The problem is: say you are writing a sequence of letters A, B, C, D, with one constraint. Whatever substring of length 3 that already appeared in your sequence cannot appear again. What is the longest sequence length you can possibly come up with?
As an example, the sequence “ABCDACBB” is valid, but the sequence “ABCDABCB” is not, since “ABC” appears twice. By the same token, “AAAAB” is also invalid, since “AAA” appears twice.
There is an easy generalization of this problem to k choices of letters instead of 4, and m as the length of substring instead of 3. Quick maths: there are k^m substring combinations, so there can be k^m unique starting points, and the answer is upper bounded by k^m + m - 1.
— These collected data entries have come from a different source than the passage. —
(* Let $\varPhi\subset\mathbb{E}^3$ be a skew ruled surface with invariants $\delta,\kappa,\lambda$, right normalized with support function $q=\frac{f(u)+g(u)v}{w}$, neither $f$ nor $g$ the zero function, and let $\overline{T}$ be its Tchebychev vector field. Then: (a) $\overline{T}$ is tangential to the $u$-curves of $\varPhi$ if and only if $\varPhi$ is conoidal and $g=c_1|\delta|^{-1/2}$, $c_1\in\mathbb{R}\setminus\{0\}$, and $f=|\delta|^{1/2}\left(c_1\int\lambda\,\mathrm{d}u+c_2\right)$, $c_2\in\mathbb{R}$; (b) $\overline{T}$ is orthogonal to the $u$-curves of $\varPhi$ if and only if the striction curve of $\varPhi$ is a Euclidean line of curvature and $g=c_1|\delta|^{-1/2}$, $f=c_2|\delta|^{1/2}$ with $c_1,c_2\in\mathbb{R}\setminus\{0\}$.
   Context: $\varPhi$ is a ruled $C^r$-surface ($r\ge3$) with nonvanishing Gaussian curvature, in standard parameters $\overline{x}(u,v)=\overline{s}(u)+v\,\overline{e}(u)$, $|\overline{e}|=|\overline{e}'|=1$, $\langle\overline{s}',\overline{e}'\rangle=0$; $\overline{s}$ is the striction curve. Frame $\overline{n}=\overline{e}'$, $\overline{z}=\overline{e}\times\overline{n}$. Invariants: $\delta=(\overline{s}',\overline{e},\overline{e}')\neq0$, $\kappa=(\overline{e},\overline{e}',\overline{e}'')$, $\lambda=\cot\sphericalangle(\overline{e},\overline{s}')$, $\overline{s}'=\delta\lambda\overline{e}+\delta\overline{z}$. The striction curve is a Euclidean line of curvature exactly when $\kappa\lambda+1=0$. Conoidal means $\kappa\equiv0$. $w=\sqrt{\delta^2+v^2}$, $\overline{\xi}=(\delta\overline{n}-v\overline{z})/w$. $h_{11}=-(\kappa w^2+\delta'v-\delta^2\lambda)/w$, $h_{12}=\delta/w$, $h_{22}=0$. The $u$-curves are the curves $v=$const (curves of constant striction distance). A relative normalization $\overline{y}$ is determined by its support function $q=\langle\overline{\xi},\overline{y}\rangle\neq0$; right normalization: $q=(f+gv)/w$, $f,g$ functions of $u$. Relative metric $G_{ij}=q^{-1}h_{ij}$, Darboux tensor $A_{ijk}=q^{-1}\langle\overline{\xi},\nabla^G_k\nabla^G_j\overline{x}_{/i}\rangle$, Tchebychev vector $\overline{T}=T^m\overline{x}_{/m}$, $T^m=\frac12A_i^{\ im}$; equivalently $T^1=\frac{w^2q_{/2}+vq}{\delta w}$, $T^2=\frac{2\delta w^2q_{/1}+\delta'q(\delta^2-v^2)}{2\delta^2w}+\frac{T^1(\kappa w^2+\delta'v-\delta^2\lambda)}{\delta}$. ''Tangential/orthogonal to a family of curves'' means at every point $\overline{T}$ is parallel/orthogonal to the tangent of the curve of the family through that point. $\int\cdots\mathrm{d}u$ denotes an antiderivative.
   Formalization: In part (a) the integrand λ is replaced by cot∠(e,s') = ⟨s',e⟩/|s'×e|, which equals sgn(δ)λ, while λ elsewhere, including in κλ+1=0, is taken from $\overline{s}'=\delta\lambda\overline{e}+\delta\overline{z}$. Each condition added here is assumed in the paper as well or is needed for the statement above to hold. *)

From Stdlib Require Import Reals.
From Coquelicot Require Import Coquelicot.
Open Scope R_scope.
Lemma nbelowD1 n (T : {set 'I_n}) j l : l \in T ->
  nbelow T j = ((l < j)%N + nbelow (T :\ l) j)%N.
Proof. by move=> lT; rewrite -{1}(setD1K lT) nbelowU1 // !inE eqxx. Qed.

Section Inversions.
Variables (n : nat) (s : 'S_n).

Definition ninv (I : {set 'I_n}) : nat :=
  #|[set p : 'I_n * 'I_n | [&& p.1 \in I, p.2 \in I, (p.1 < p.2)%N & (s p.2 < s p.1)%N]]|.

Lemma ninv0 : ninv set0 = 0%N.
Proof. by apply/eqP; rewrite cards_eq0; apply/eqP/setP => p; rewrite !inE. Qed.

Lemma perm_ltnNlt (i l : 'I_n) : i != l -> (s l < s i)%N = ~~ (s i < s l)%N.
Proof. by move=> il; rewrite ltn_neqAle -leqNgt val_eqE (inj_eq perm_inj) eq_sym il. Qed.

Lemma ninvD1 (I : {set 'I_n}) l : l \in I ->
  let A := [set i in I | (i < l)%N] in let B := [set i in I | (s i < s l)%N] in
  ninv I = (ninv (I :\ l) + #|A :\: B| + #|B :\: A|)%N.
Proof.
move=> lI A B; rewrite /ninv.
set P := [set p : 'I_n * 'I_n | _].
rewrite -(cardsID [set p : 'I_n * 'I_n | (p.1 != l) && (p.2 != l)] P) -addnA.
congr (_ + _)%N.
  apply: eq_card => -[a b]; rewrite !inE /=.
  by case: (a != l); case: (b != l); rewrite /= ?andbT ?andbF.
rewrite -(cardsID [set p : 'I_n * 'I_n | p.2 == l]).
congr (_ + _)%N.
- rewrite -[#|A :\: B|]muln1 -(cards1 l) -cardsX; apply: eq_card => -[a b].
  rewrite !inE /=; case: (eqVneq b l) => [->|]; rewrite ?andbF // lI andbT.
  rewrite andbT /=; case: (a \in I) => //=; case: ltnP => al; rewrite ?andbF //.
  by rewrite andbT perm_ltnNlt //; apply: contraTneq al => ->; rewrite ltnn.
- rewrite -[#|B :\: A|]mul1n -(cards1 l) -cardsX; apply: eq_card => -[a b].
  rewrite !inE /=; case: (eqVneq b l) => [->|bl]; first by rewrite /= !ltnn !andbF.
  case: (eqVneq a l) => [->|//]; rewrite lI /=.
  case: (b \in I) => //=; case: (ltngtP b l) => // /val_inj eqbl.
  by rewrite eqbl eqxx in bl.
Qed.

(* The parities of the two ways of sorting [dx_(s l) /\ s (dx_(I :\ l))]. *)
Lemma odd_nbelow_ninv (I : {set 'I_n}) l : l \in I ->
  odd (nbelow (s @: I) (s l) + ninv (I :\ l)) = odd (ninv I + nbelow I l).
Proof.
move=> lI; rewrite (ninvD1 lI) /=.
set A := [set i in I | _]; set B := [set i in I | _].
have -> : nbelow (s @: I) (s l) = #|B|.
  rewrite /nbelow -(card_imset B (@perm_inj _ s)); apply: eq_card => t.
  by rewrite -[t](permKV s) inE !mem_imset ?inE //; exact: perm_inj.
rewrite /nbelow -/A -(cardsID B A) -(cardsID A B) setIC.
by rewrite -!addnA !oddD; case: odd; case: odd; case: odd; case: odd.
Qed.

End Inversions.
Section comparison.
Context {R : realType}.
Local Notation mu := (@lebesgue_measure R).
Variables (xi x dx y : R -> R) (a C delta T : R).
Local Notation k := (xi 0).
Local Notation m := (Num.min a (xi 0 * (1 - delta))).
Hypotheses (k_gt0 : 0 < k) (m_gt0 : 0 < m) (a_gt0 : 0 < a) (C_gt0 : 0 < C)
  (delta_gt0 : 0 < delta) (T_gt0 : 0 < T).
Hypothesis xi_measurable : measurable_fun (`[0, +oo[ : set R) xi.
Hypothesis xi_ge0 : forall u, 0 <= u -> 0 <= xi u.
Hypothesis xi_decay : forall u, 0 <= u -> xi u <= k * expR (- (k * u)).
Hypothesis Idx : mu.-integrable `[0, T] (EFin \o dx).
Hypothesis x_primitive : forall t, 0 <= t -> x t = x 0 + \int[mu]_(z in `[0, t]) dx z.
Hypothesis Iy : mu.-integrable `[0, T] (EFin \o y).
Hypothesis x_ge0 : forall t, 0 <= t -> 0 <= x t.
Hypothesis y_ge0 : forall t, 0 < t -> 0 <= y t.
Hypothesis x_ineq : {ae mu, forall t, 0 < t ->
  dx t + a * x t + y t <= C + delta * kconv0 xi y t}.

Let P s := \int[mu]_(tau in `[0, s]) (expR (k * tau) * y tau).
Let Q s := expR (- (k * s)) * P s.
Let V s := \int[mu]_(z in `[0, s]) `|dx z|.
Let W s := x s + Q s - C / m.

Let IP := integrable_expRM (ltW k_gt0) Iy.

Let P_le u v : 0 <= u -> u <= v -> v <= T -> P u <= P v.
Proof.
move=> u0 uv vT; apply: (le_Rintegral_itv_cc0 IP) => // tau tau0.
by rewrite mulr_ge0 ?expR_ge0 ?y_ge0.
Qed.

Let P_ge0 u : 0 <= u -> u <= T -> 0 <= P u.
Proof.
move=> u0 uT; have := P_le (lexx 0) u0 uT.
by rewrite /P set_itv1 Rintegral_set1.
Qed.

Let expRN_le1 u : 0 <= u -> expR (- (k * u)) <= 1.
Proof. by move=> u0; rewrite expR_le1 oppr_le0 mulr_ge0 // ltW. Qed.

Let Q_ge0 u : 0 <= u -> u <= T -> 0 <= Q u.
Proof. by move=> u0 uT; rewrite mulr_ge0 ?expR_ge0 ?P_ge0. Qed.

Let Q_le_P u : 0 <= u -> u <= T -> Q u <= P u.
Proof. by move=> u0 uT; apply: ler_piMl; [exact: P_ge0 | exact: expRN_le1]. Qed.

Let kconv0_le_Q r : 0 < r -> r <= T -> kconv0 xi y r <= k * Q r.
Proof.
move=> r0 rT; apply: kconv0_le_expR => //.
exact: integrable_itv_cc0 Iy rT.
Qed.

Let Q_le u r v : 0 <= u -> u <= r -> r <= v -> v <= T -> Q r <= Q u + (P v - P u).
Proof.
move=> u0 ur rv vT; have r0 := le_trans u0 ur; have rT := le_trans rv vT.
have Qr_le : Q r <= expR (- (k * u)) * P r.
  by apply: ler_wpM2r; rewrite ?P_ge0 // ler_expR lerN2 ler_wpM2l // ltW.
have : expR (- (k * u)) * (P r - P u) <= P r - P u.
  by apply: ler_piMl; [rewrite subr_ge0 P_le | exact: expRN_le1].
have Qu : Q u = expR (- (k * u)) * P u by [].
have := P_le r0 rv vT; rewrite mulrBr; lra.
Qed.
9 years ago I didn’t know anything so I thought it was hard. But now it just looks like a graph traversal problem, which is either trivial or intractable (depending on whether it’s Eulerian or Hamiltonian). With this in mind, the problem is trivial. You can either read my solution below or spend a few minutes to figure it out.
Construct a directed graph where each node represents a unique substring made up of the k choices of letters of length m - 1. There are k outgoing edges and k incoming edges for each node. The k outgoing edges represent the k different ways you can append a letter to the current substring of length m - 1. So for example for the node “AB”, the outgoing edge “C” would point to the node “BC”, since after adding a letter “C”, you get to the new prefix “BC”. Then each edge corresponds to one unique substring of length m, and the problem becomes to find an Eulerian path in this graph. Since this graph is always connected and each node has the same number of in degrees as out degrees, the path always exists and must be a cycle, regardless of m and k. There will be many possible cycles as well. Now this problem is theoretically solved, and also programmatically solved.
As I later found out from my roommate’s math homework, this graph construction is called de Bruijn graph. Of course everything has to have a name.
I wish I could go back in time and explain this to the little me.